Stable categories

Thursday 11th April 2019, Lancaster University
Local organiser: Nadia Mazza

This is the seventh meeting of the Research Group Functor Categories for Groups (FCG). This meeting shall focus on stable (module) categories in group representation theory. There are different notions of "stable categories", but all have a common point: they are quotient categories, which are triangulated and have an extra multiplicative structure with a multiplicative identity. Stable categories are also intrinsically related to derived categories. The selected speakers are experts in varied aspects of stable and derived categories, and some of their recent results exhibit useful applications of stable categories.

The provisional timetable is as follows:

  • 1:30-2:30pm: Joe Chuang (City), Rank functions on triangulated categories
  • 2:35-3:35pm: Ilaria Castellano (Udine), Finiteness properties for totally disconnected locally compact groups
  • 3:35-4:05pm: Tea and coffee
  • 4:05-5:05pm: Greg Stevenson (Glasgow), Stabilising triangulated categories

All talks will be held in Lecture Theatre 4, George Fox Building (GFX on the campus map and directional boards). Information on travelling to Lancaster University and some maps can be found here.

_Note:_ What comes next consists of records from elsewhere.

Lemma common_tail_trans_far_adj {i u k t j v} : size t = S -> far i k -> adj k j ->
  common_tail i u k t -> common_tail k t j v -> common_tail i u j v.
Proof.
move=> St Fik Akj /(common_tail_farE Fik) [w1 [Hu Ht1]] /(common_tail_adjE Akj) [w2 [Ht2 Hv]].
have Fki : far k i by rewrite farC.
have [z] : common_tail i w1 j (k :: w2) by apply: IH; [rewrite -Ht1 | size_lt].
case: (cplP i j) => [Eij|Fij|Aij] /= [Hw1 Hkw2].
- by move: Fik Akj; rewrite Eij /far /adj; lia.
- have [z' [Hw2 Hz]] := (common_tail_farE Fki).1 (IH Hkw2 ltac:(size_lt)).
  apply/(common_tail_farE Fij); exists [:: k, j & z']; split.
    by rewrite Hu Hw1 Hz (adj_braid Akj).
  by rewrite Hv Hw2 -(far_swap Fij) -(far_swap Fik).
- have Ajk : adj j k by rewrite adjC.
  have [z' [Hw2 Hjz]] := (common_tail_farE Fki).1 (IH Hkw2 ltac:(size_lt)).
  have [z'' [Hz Hz']] := (common_tail_adjE Ajk).1 (IH Hjz ltac:(size_lt)).
  apply/(common_tail_adjE Aij); exists [:: k, j, i & z'']; split.
    by rewrite Hu Hw1 Hz (far_swap Fik) (adj_braid Akj) -(adj_braid Aij) -(far_swap Fik).
  rewrite Hv Hw2 Hz' -(adj_braid Aij) -(far_swap Fik).
  by rewrite [X in [:: _, _, _ & X]](far_swap Fik) (adj_braid Akj).
Qed.

Lemma common_tail_trans_adj {i u k t j v} : size t = S -> adj i k -> adj k j ->
  common_tail i u k t -> common_tail k t j v -> common_tail i u j v.
Proof.
move=> St Aik Akj /(common_tail_adjE Aik) [w1 [Hu Ht1]] /(common_tail_adjE Akj) [w2 [Ht2 Hv]].
have Aki : adj k i by rewrite adjC.
have [z] : common_tail i (k :: w1) j (k :: w2) by apply: IH; [rewrite -Ht1 | size_lt].
case: (cplP i j) => [Eij|Fij|Aij] /= [Hw1 Hw2].
- rewrite -Eij in Hv *.
  have /common_tail_idE Hw : common_tail k w1 k w2.
    by apply: IH; [rewrite Hw1 Hw2 | size_lt].
  by apply/common_tail_idE; rewrite Hu Hv Hw.
- have [z1 [Hw1' Hz1]] := (common_tail_adjE Akj).1 (IH Hw1 ltac:(size_lt)).
  have [z2 [Hw2' Hz2]] := (common_tail_adjE Aki).1 (IH Hw2 ltac:(size_lt)).
  have /common_tail_idE Hz12 : common_tail k (j :: z1) k (i :: z2).
    by apply: IH; [rewrite -Hz1 Hz2 | size_lt].
  have Fji : far j i by rewrite farC.
  have [z3 [Hz1' Hz2']] := (common_tail_farE Fji).1 (IH Hz12 ltac:(size_lt)).
  apply/(common_tail_farE Fij); exists [:: k, j, i, k & z3]; split.
    by rewrite Hu Hw1' Hz1' (far_swap Fij) (adj_braid Aik) (adj_braid Akj).
  by rewrite Hv Hw2' Hz2' -(far_swap Fij) -(adj_braid Akj) -(adj_braid Aik) (far_swap Fij).
- by move: Aik Akj Aij; rewrite /adj; lia.
Qed.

To register for the event, please email the local organiser Dr Nadia Mazza (

The FCG Research Group is supported by an LMS Joint Research Groups in the UK Scheme 3 grant. Limited funding is available for PhD students, allocated on a first come first served basis.

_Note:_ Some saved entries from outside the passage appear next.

Lemma in_nbhd_sub_arc u v :
  u != v -> E v u = false -> in_nbhd E u \subset open_arc v u.
Proof.
move=> nuv evu; apply/subsetP => c; rewrite !inE => hc.
have ncv : c != v by apply: contraTneq hc => ->; rewrite evu.
have ncu := edge_neq hc.
rewrite dist_gt0 1?eq_sym //=.
case: (ltngtP (dist v c) (dist v u)) => [//|h|/dist_injl e]; last first.
  by move: ncu; rewrite e eqxx.
(* u lies between v and c, so going from c to u one passes through v *)
have hvia : dist c v < dist c u.
  have nvu : v != u by rewrite eq_sym.
  have := dist_turn ncv; have := dist_turn ncu; have := dist_gt0 nvu.
  by via v u c; lia.
by case/andP: (edge_split_from hc (dist_gt0 ncv) hvia); rewrite evu.
Qed.

End IntervalDigraph.

Section AlphaBeta.
Variables (n : nat) (E : rel 'I_n).
Implicit Types u v : 'I_n.

Lemma nonedge_sym u v : nonedge E u v = nonedge E v u.
Proof. by rewrite /nonedge eq_sym [~~ E u v && _]andbC. Qed.

Lemma betaG_ge u v : E u v -> dist u v <= betaG E.
Proof. by move=> h; apply: (leq_bigmax_cond (u, v)). Qed.

Lemma betaG_lt : 0 < n -> betaG E < n.
Proof.
move=> n_gt0; suff : betaG E <= n.-1 by lia.
by apply/bigmax_leqP => p _; rewrite -ltnS prednK // dist_lt.
Qed.

Lemma longest_edge u v : E u v -> exists a b, E a b /\ dist a b = betaG E.
Proof.
move=> h; have : 0 < #|[pred p : 'I_n * 'I_n | E p.1 p.2]| by apply/card_gt0P; exists (u, v).
by case/(eq_bigmax_cond (fun p => dist p.1 p.2)) => [[a b] hab e]; exists a, b.
Qed.

Lemma alphaG_finite u v : nonedge E u v -> exists a, alphaG E = Some a.
Proof.
move=> h; rewrite /alphaG; case: ifP; first by eexists.
by move/negbT/existsPn/(_ (u, v)); rewrite h.
Qed.

Lemma alphaG_spec a : alphaG E = Some a ->
  (forall u v, nonedge E u v -> a <= dist u v) /\
  exists u v, nonedge E u v /\ dist u v = a.
Proof.
rewrite /alphaG -minEnat; case: ifP => // /existsP [[u0 v0] h0] [<-]; split.
  move=> u v h.
  exact: (bigmin_le_cond n (j := (u, v)) (P := fun p => nonedge E p.1 p.2)
            (fun p => dist p.1 p.2) h).
have [[u v] huv ->] := eq_bigmin (u0, v0) (fun p => nonedge E p.1 p.2)
  (fun p => dist p.1 p.2) h0
  (fun p _ => ltnW (dist_lt p.1 p.2)).
by exists u, v.
Qed.

End AlphaBeta.

Lemma card_exchange (K : finType) (T T' G L : {set K}) :
  G \subset T' :\: T -> T :\: T' \subset L -> #|T| + #|G| <= #|T'| + #|L|.
Proof.
move=> /subset_leq_card hG /subset_leq_card hL.
by have := cardsID T' T; have := cardsID T T'; rewrite setIC; lia.
Qed.

Lemma card_symdiff (K : finType) (A B : {set K}) :
  #|A :\: B| + #|B :\: A| + 2 * #|A :&: B| = #|A| + #|B|.
Proof. by have := cardsID B A; have := cardsID A B; rewrite setIC; lia. Qed.

Definition p3set n (E : rel 'I_n) : {set 'I_n * 'I_n * 'I_n} :=
  [set t | [&& t.1.1 != t.1.2, t.1.2 != t.2, t.1.1 != t.2,
               E t.1.1 t.1.2, E t.1.2 t.2, ~~ E t.1.1 t.2 & ~~ E t.2 t.1.1]].

Lemma P3E n (E : rel 'I_n) : P3 E = #|p3set E|.
Proof. by []. Qed.

Section Triples.
Variable n : nat.
Implicit Types (u v : 'I_n) (S W A B : {set 'I_n}).

(* Triples (u, w, v) with w in S: the candidate paths with ends u and v. *)
Definition through u S v := [set (u, w, v) | w in S].

(* Triples (u, v, c) with c in A and (a, u, v) with a in B: the candidate
   paths starting or ending with the pair u v. *)
Definition extending u v A B := [set (u, v, c) | c in A] :|: [set (a, u, v) | a in B].

Lemma card_through2 u v S W :
  u != v -> #|through u S v :|: through v W u| = #|S| + #|W|.
Proof.
move=> nuv; rewrite cardsU !card_imset; try by move=> ? ? [].
suff -> : through u S v :&: through v W u = set0 by rewrite cards0 subn0.
apply/setP => t; rewrite !inE; apply/andP => -[/imsetP[w _ ->] /imsetP[w' _ [e _ _]]].
by rewrite e eqxx in nuv.
Qed.

Lemma card_extending u v A B : u != v -> #|extending u v A B| = #|A| + #|B|.
Proof.
move=> nuv; rewrite cardsU !card_imset; try by move=> ? ? [].
suff -> : [set (u, v, c) | c in A] :&: [set (a, u, v) | a in B] = set0
  by rewrite cards0 subn0.
apply/setP => t; rewrite !inE; apply/andP => -[/imsetP[c _ ->] /imsetP[a _ [_ e _]]].
by rewrite e eqxx in nuv.
Qed.

End Triples.

Definition del_edge n (E : rel 'I_n) (u v : 'I_n) : rel 'I_n :=
  fun a b => E a b && ~~ ((a == u) && (b == v)).

Definition add_edge n (E : rel 'I_n) (u v : 'I_n) : rel 'I_n :=
  fun a b => E a b || ((a == u) && (b == v)).

Section DeleteLongestEdge.
Variables (n : nat) (E : rel 'I_n) (u v : 'I_n).
Hypotheses (hE : cid2 E) (huv : E u v) (hlong : dist u v = betaG E).

Let nuv : u != v := edge_neq hE huv.
Let evu : E v u = false := negbTE (edge_asym hE huv).

(* No edge spans a longest edge, so deleting it keeps the interval property. *)
Lemma del_edge_cid2 : cid2 (del_edge E u v).
Proof.
case: hE => hl h2 hi; split.
- by move=> a; rewrite /del_edge negb_and hl.
- move=> a b nab; rewrite /del_edge; apply/negP => /andP[/andP[h _] /andP[h' _]].
  by move: (h2 _ _ nab); rewrite h h'.
- move=> a b c habc; rewrite /del_edge => /andP[hac _].
  have /andP[hab hbc] := hi _ _ _ habc hac; rewrite hab hbc /=.
  case/and4P: habc => nab nbc nac hd; have hac_le := betaG_ge hac.
  by apply/andP; split; apply/negP => /andP[/eqP ea /eqP eb]; subst;
    [rewrite hlong in hd | via a u v; bound a u; have := dist_gt0 nab]; lia.
Qed.

(* Deleting u v creates the induced paths u -> w -> v (w strictly between) and
   v -> w -> u (w in both neighbourhoods), and destroys only paths u -> v -> c
   and a -> u -> v with c, a outside the other neighbourhood. *)
Lemma del_edge_P3 :
  P3 E + (betaG E).-1 + 3 * #|out_nbhd E v :&: in_nbhd E u| <=
  P3 (del_edge E u v) + #|out_nbhd E v| + #|in_nbhd E u|.
Proof.
set X := out_nbhd E v; set Y := in_nbhd E u.
set S := [set w | 0 < dist u w <= (betaG E).-1].
have cS : #|S| = (betaG E).-1.
  rewrite (card_coord_range (@dist_injl n u) (dist_lt u)) ?subn0 //.
  by have := betaG_lt E (leq_ltn_trans (leq0n u) (ltn_ord u)); lia.
suff : P3 E + #|through u S v :|: through v (X :&: Y) u| <=
       P3 (del_edge E u v) + #|extending u v (X :\: Y) (Y :\: X)|.
  by rewrite card_through2 // card_extending // cS; have := card_symdiff X Y; lia.
rewrite !P3E; apply: card_exchange; apply/subsetP.
- move=> t /setUP[] /imsetP[w hw ->]; move: hw; rewrite !inE.
    move=> hw; have /andP[h1 h2] : E u w && E w v by apply: (edge_split_from hE huv); lia.
    have n1 := edge_neq hE h1; have n2 := edge_neq hE h2.
    rewrite /del_edge h1 h2 huv evu eqxx (negbTE n1) (negbTE n2) (negbTE nuv) /=.
    by rewrite eq_sym (negbTE n1) eqxx.
  case/andP => h1 h2; have n1 := edge_neq hE h1; have n2 := edge_neq hE h2.
  rewrite /del_edge h1 h2 huv evu eqxx (negbTE n1) (negbTE n2) eq_sym (negbTE nuv) /=.
  by rewrite eqxx.
- move=> [[a b] c]; rewrite !inE /= /del_edge.
  case/andP => /negP hn /and5P[nab nbc nac hab /and3P[hbc hac hca]].
  case: (boolP ((a == u) && (b == v))) => [/andP[/eqP ea /eqP eb]|h1].
    by subst; apply/orP; left; apply/imsetP; exists c; rewrite // !inE hbc hca.
  case: (boolP ((b == u) && (c == v))) => [/andP[/eqP ea /eqP eb]|h2].
    by subst; apply/orP; right; apply/imsetP; exists a; rewrite // !inE hab hca.
  by case: hn; rewrite nab nbc nac hab hbc h1 h2 (negbTE hac) (negbTE hca).
Qed.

For UK-based mathematicians with caring duties the LMS has a Caring Supplementary Grant scheme which allows participants of meetings like ours to apply for help covering caring costs.


Joe Chuang (City), Rank functions on triangulated categories

A rank function is a nonnegative real-valued, additive, translation-invariant function on the objects of a triangulated category satisfying the triangle inequality on distinguished triangles. One way to obtain a rank function is as the mass of a Bridgeland stability condition, but rank functions may exist in the absence of t-structures, for example on stable categories. Rank functions on the perfect derived category of a ring are related to Sylvester rank functions on finitely presented modules, and therefore, via the work of Cohn and Schofield, to representations of the ring over skew fields. This is joint work with Andrey Lazarev.

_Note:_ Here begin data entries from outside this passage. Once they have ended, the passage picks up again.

Let ord_neq2 (i j : 'I_n.+3) : exists k, k != i /\ k != j.
Proof. by apply: exists_neq2; rewrite card_ord. Qed.

Lemma rook_separate (a1 a2 : rook_point) :
  a1 != a2 -> exists b, rook_inc a1 b /\ ~~ rook_inc a2 b.
Proof.
case: a1 a2 => [x1 y1] [x2 y2]; rewrite xpair_eqE /rook_inc /=.
have [<-|x12] := eqVneq x1 x2 => /= [y12|_].
  have [z [zx _]] := ord_neq2 x1 x1; exists (z, y1).
  by rewrite /= eqxx orbT negb_or [x1 == _]eq_sym zx [y2 == _]eq_sym y12.
have [z [zy _]] := ord_neq2 y2 y2; exists (x1, z).
by rewrite /= eqxx negb_or [x2 == _]eq_sym x12 [y2 == _]eq_sym zy.
Qed.

Lemma rook_ext2 (a1 a2 : rook_point) : a1 != a2 -> forall e1 e2 : bool,
  exists b, rook_inc a1 b = e1 /\ rook_inc a2 b = e2.
Proof.
move=> a12 [] [].
- by exists (a1.1, a2.2); rewrite /rook_inc /= !eqxx orbT.
- by have [b [a1b /negbTE a2b]] := rook_separate a12; exists b.
- have a21 : a2 != a1 by rewrite eq_sym.
  by have [b [a2b /negbTE a1b]] := rook_separate a21; exists b.
have [x [x1 x2]] := ord_neq2 a1.1 a2.1; have [y [y1 y2]] := ord_neq2 a1.2 a2.2.
by exists (x, y); rewrite /rook_inc /= ![_ == x]eq_sym ![_ == y]eq_sym (negbTE x1)
  (negbTE x2) (negbTE y1) (negbTE y2).
Qed.

Definition rook_ord1 : 'I_n.+3 := inord 1.

Lemma rook_ord01 : ord0 != rook_ord1.
Proof. by rewrite -val_eqE /= inordK. Qed.

Lemma rook_point01 : (ord0, ord0) != (rook_ord1, rook_ord1) :> rook_point.
Proof. by rewrite xpair_eqE (negbTE rook_ord01). Qed.

Definition rook : ext_structure := ExtStructure rook_inc_sym rook_ext2 rook_point01.

Lemma rook_degree (a : rook) : n.+3 <= #|[set b | inc a b]|.
Proof.
have inj : injective (fun y : 'I_n.+3 => (a.1, y) : rook) by move=> y1 y2 [].
rewrite -{1}(card_ord n.+3) -cardsT -(card_imset _ inj); apply/subset_leq_card/subsetP.
by move=> _ /imsetP[y _ ->]; rewrite inE /= /rook_inc /= eqxx.
Qed.

Lemma rook_C4 : contains_subgraph (dcover rook) C4.
Proof.
apply/contains_C4P; pose i0 : 'I_n.+3 := ord0; pose i1 := rook_ord1.
exists (true, (i0, i0)), (false, (i0, i1)), (true, (i1, i1)), (false, (i1, i0)).
by rewrite /= /dcover_adj /= /rook_inc /= !eqxx !orbT !xpair_eqE (negbTE rook_ord01) !andbF.
Qed.

End Rook.

(** * Projective planes *)

Section ProjectivePlane.
Import GRing.Theory.
Local Open Scope ring_scope.
Variable F : finFieldType.

Definition vec := (F * F * F)%type.
Definition vec0 : vec := (0, 0, 0).
Definition dot (u v : vec) : F := u.1.1 * v.1.1 + u.1.2 * v.1.2 + u.2 * v.2.
Definition scale (c : F) (v : vec) : vec := (c * v.1.1, c * v.1.2, c * v.2).
Definition vadd (u v : vec) : vec := (u.1.1 + v.1.1, u.1.2 + v.1.2, u.2 + v.2).
Definition cross (u v : vec) : vec :=
  (u.1.2 * v.2 - u.2 * v.1.2, u.2 * v.1.1 - u.1.1 * v.2, u.1.1 * v.1.2 - u.1.2 * v.1.1).

Definition normalize (v : vec) : vec :=
  if v.1.1 != 0 then scale v.1.1^-1 v else if v.1.2 != 0 then scale v.1.2^-1 v
  else scale v.2^-1 v.

Definition normalized (v : vec) := (v != vec0) && (normalize v == v).

Lemma vec_neq0 (v : vec) : (v != vec0) = [|| v.1.1 != 0, v.1.2 != 0 | v.2 != 0].
Proof. by case: v => [[x y] z]; rewrite /vec0 !xpair_eqE /= !negb_and -orbA. Qed.

Lemma dotC u v : dot u v = dot v u.
Proof. by rewrite /dot; ring. Qed.

Lemma dotZl c u v : dot (scale c u) v = c * dot u v.
Proof. by rewrite /dot /scale /=; ring. Qed.

Lemma dotDl u w v : dot (vadd u w) v = dot u v + dot w v.
Proof. by rewrite /dot /vadd /=; ring. Qed.

Lemma dot0l v : dot vec0 v = 0.
Proof. by rewrite /dot /=; ring. Qed.

Lemma dot_cross_l a b : dot (cross a b) a = 0.
Proof. by rewrite /dot /cross /=; ring. Qed.

Lemma dot_cross_r a b : dot (cross a b) b = 0.
Proof. by rewrite /dot /cross /=; ring. Qed.

Lemma cross_crossr l a b :
  cross l (cross a b) = vadd (scale (dot l b) a) (scale (- dot l a) b).
Proof. by rewrite /cross /vadd /scale /dot /=; congr (_, _, _); ring. Qed.

Lemma scale0 v : scale 0 v = vec0.
Proof. by rewrite /scale !mul0r. Qed.

Lemma scale1 v : scale 1 v = v.
Proof. by case: v => [[x y] z]; rewrite /scale /= !mul1r. Qed.

Lemma scale_neq0 c v : c != 0 -> v != vec0 -> scale c v != vec0.
Proof. by move=> c0; rewrite !vec_neq0 /scale /= !mulf_eq0 (negbTE c0). Qed.

Lemma normalizeE v : v != vec0 -> exists2 c, c != 0 & normalize v = scale c v.
Proof.
rewrite vec_neq0 /normalize; case: ifP => [x0 _|_].
  by exists v.1.1^-1; rewrite ?invr_eq0.
case: ifP => [y0 _|_ /= z0].
  by exists v.1.2^-1; rewrite ?invr_eq0.
by exists v.2^-1; rewrite ?invr_eq0.
Qed.

Lemma normalizeZ c v : c != 0 -> normalize (scale c v) = normalize v.
Proof.
move=> c0; case: v => [[x y] z]; rewrite /normalize /scale /= !mulf_eq0 (negbTE c0) /=.
case: ifP => x0; first by congr (_, _, _); field; rewrite c0 x0.
case: ifP => y0; first by congr (_, _, _); field; rewrite c0 y0.
move/negbFE/eqP: x0 => ->; move/negbFE/eqP: y0 => ->.
have [->|z0] := eqVneq z 0; first by rewrite !(mulr0, mul0r, invr0).
by congr (_, _, _); field; rewrite c0 z0.
Qed.

Lemma ratio_eq (a b p q : F) : a != 0 -> a * q = p * b -> q = p / a * b.
Proof. by move=> a0 e; apply: (mulfI a0); rewrite e; field. Qed.

Lemma cross_eq0 u w : u != vec0 -> cross u w = vec0 -> exists c, w = scale c u.
Proof.
case: u w => [[x1 y1] z1] [[x2 y2] z2]; rewrite vec_neq0 /cross /scale /= => u0.
case=> /subr0_eq e1 /subr0_eq e2 /subr0_eq e3.
have [x1_0|x10] := eqVneq x1 0; last first.
  exists (x2 / x1); congr (_, _, _); apply: ratio_eq x10 _.
  - by rewrite mulrC.
  - by rewrite e3 mulrC.
  - by rewrite -e2 mulrC.
have [y1_0|y10] := eqVneq y1 0; last first.
  exists (y2 / y1); congr (_, _, _); apply: ratio_eq y10 _.
  - by rewrite -e3 x1_0 mul0r mulr0.
  - by rewrite mulrC.
  - by rewrite e1 mulrC.
have z10 : z1 != 0 by move: u0; rewrite x1_0 y1_0 eqxx.
exists (z2 / z1); congr (_, _, _); apply: ratio_eq z10 _.
- by rewrite e2 x1_0 mul0r mulr0.
- by rewrite -e1 y1_0 mul0r mulr0.
- by rewrite mulrC.
Qed.

Lemma cross_eq0_scale u w : u != vec0 -> w != vec0 -> cross u w = vec0 ->
  exists2 c, c != 0 & w = scale c u.
Proof.
move=> u0 w0 /(cross_eq0 u0)[c wE]; exists c => //.
by apply: contra_neq w0 => c0; rewrite wE c0 scale0.
Qed.

(* A line is
   identified with its pole, so the double cover of [perp] is the point-line
   incidence graph, and [join a b] is the line through [a] and [b]. *)
Definition proj_point := {v : vec | normalized v}.

Lemma proj_point_neq0 (a : proj_point) : val a != vec0.
Proof. by case: a => v /= /andP[]. Qed.

Lemma normalize_proj_point (a : proj_point) : normalize (val a) = val a.
Proof. by case: a => v /= /andP[_ /eqP]. Qed.

Lemma normalized_normalize v : v != vec0 -> normalized (normalize v).
Proof.
move=> v0; have [c c0 vE] := normalizeE v0.
by rewrite /normalized vE normalizeZ // vE eqxx andbT scale_neq0.
Qed.

Lemma proj_point_scale_inj (a b : proj_point) c : c != 0 -> val a = scale c (val b) -> a = b.
Proof.
by move=> c0 abE; apply: val_inj; rewrite -normalize_proj_point abE normalizeZ // normalize_proj_point.
Qed.

Lemma normalized_unit_x : normalized (1, 0, 0).
Proof.
by rewrite /normalized /normalize /= !eqxx ?oner_neq0 /= invr1 scale1 eqxx andbT vec_neq0 /=
  oner_neq0 ?orbT.
Qed.

Lemma normalized_unit_y : normalized (0, 1, 0).
Proof.
by rewrite /normalized /normalize /= !eqxx ?oner_neq0 /= invr1 scale1 eqxx andbT vec_neq0 /=
  oner_neq0 ?orbT.
Qed.

Lemma normalized_unit_z : normalized (0, 0, 1).
Proof.
by rewrite /normalized /normalize /= !eqxx ?oner_neq0 /= invr1 scale1 eqxx andbT vec_neq0 /=
  oner_neq0 ?orbT.
Qed.

Definition unit_x : proj_point := exist (fun v : vec => normalized v) _ normalized_unit_x.
Definition unit_y : proj_point := exist (fun v : vec => normalized v) _ normalized_unit_y.
Definition unit_z : proj_point := exist (fun v : vec => normalized v) _ normalized_unit_z.

Lemma unit_x_neq_y : unit_x != unit_y.
Proof. by rewrite -val_eqE /= !xpair_eqE oner_eq0. Qed.

(* The point spanned by a nonzero vector; [unit_z] is a junk value for [vec0]. *)
Definition mkpoint (v : vec) : proj_point := insubd unit_z (normalize v).

Lemma mkpointE v : v != vec0 -> val (mkpoint v) = normalize v.
Proof. by move=> v0; rewrite /mkpoint insubdK //; apply: normalized_normalize. Qed.

Lemma dot_normalize v a : v != vec0 -> (dot (normalize v) a == 0) = (dot v a == 0).
Proof. by move=> v0; have [c c0 ->] := normalizeE v0; rewrite dotZl mulf_eq0 (negbTE c0). Qed.

Definition perp (a b : proj_point) := dot (val a) (val b) == 0.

Ilaria Castellano (Udine), Finiteness properties for totally disconnected locally compact groups

A locally compact group G is said to be totally disconnected if the connected component of the identity 1G is a singleton. With the solution of Hilbert’s fifth problem, the contemporary structure problem on locally compact groups concerns the class of totally disconnected locally compact (= TDLC) groups. Therefore, interest in TDLC-groups is currently very high.

The aim of this talk is to introduce and discuss the properties of being of type FPn (resp. Fn) in the context of TDLC-groups by analogy with the discrete case. Moreover, we show that the type FPn (resp. Fn) is a quasi-isometric invariant of the TDLC-group. This talk is based on joint work with G. Corob Cook.

Greg Stevenson (Glasgow), Stabilising triangulated categories

Around 19 years ago Beligiannis published a striking result providing a novel method for constructing new triangulated categories from those we know: one takes a Frobenius classes of triangles, which is the analogue of the exact sequences in a Frobenius category, and takes a corresponding additive quotient. Little seems to have been done with this construction. I will discuss joint work with Paul Balmer aimed at polishing this hidden gem and exposing its beauty.

After explaining the construction, I will indicate how easily one can come by Frobenius classes of triangles: we prove they are abundant in representation theory, geometry, and topology. I will also discuss several aspects of the construction, for instance that it preserves the property of being algebraic, and gives some analogue of rational maps between triangulated categories.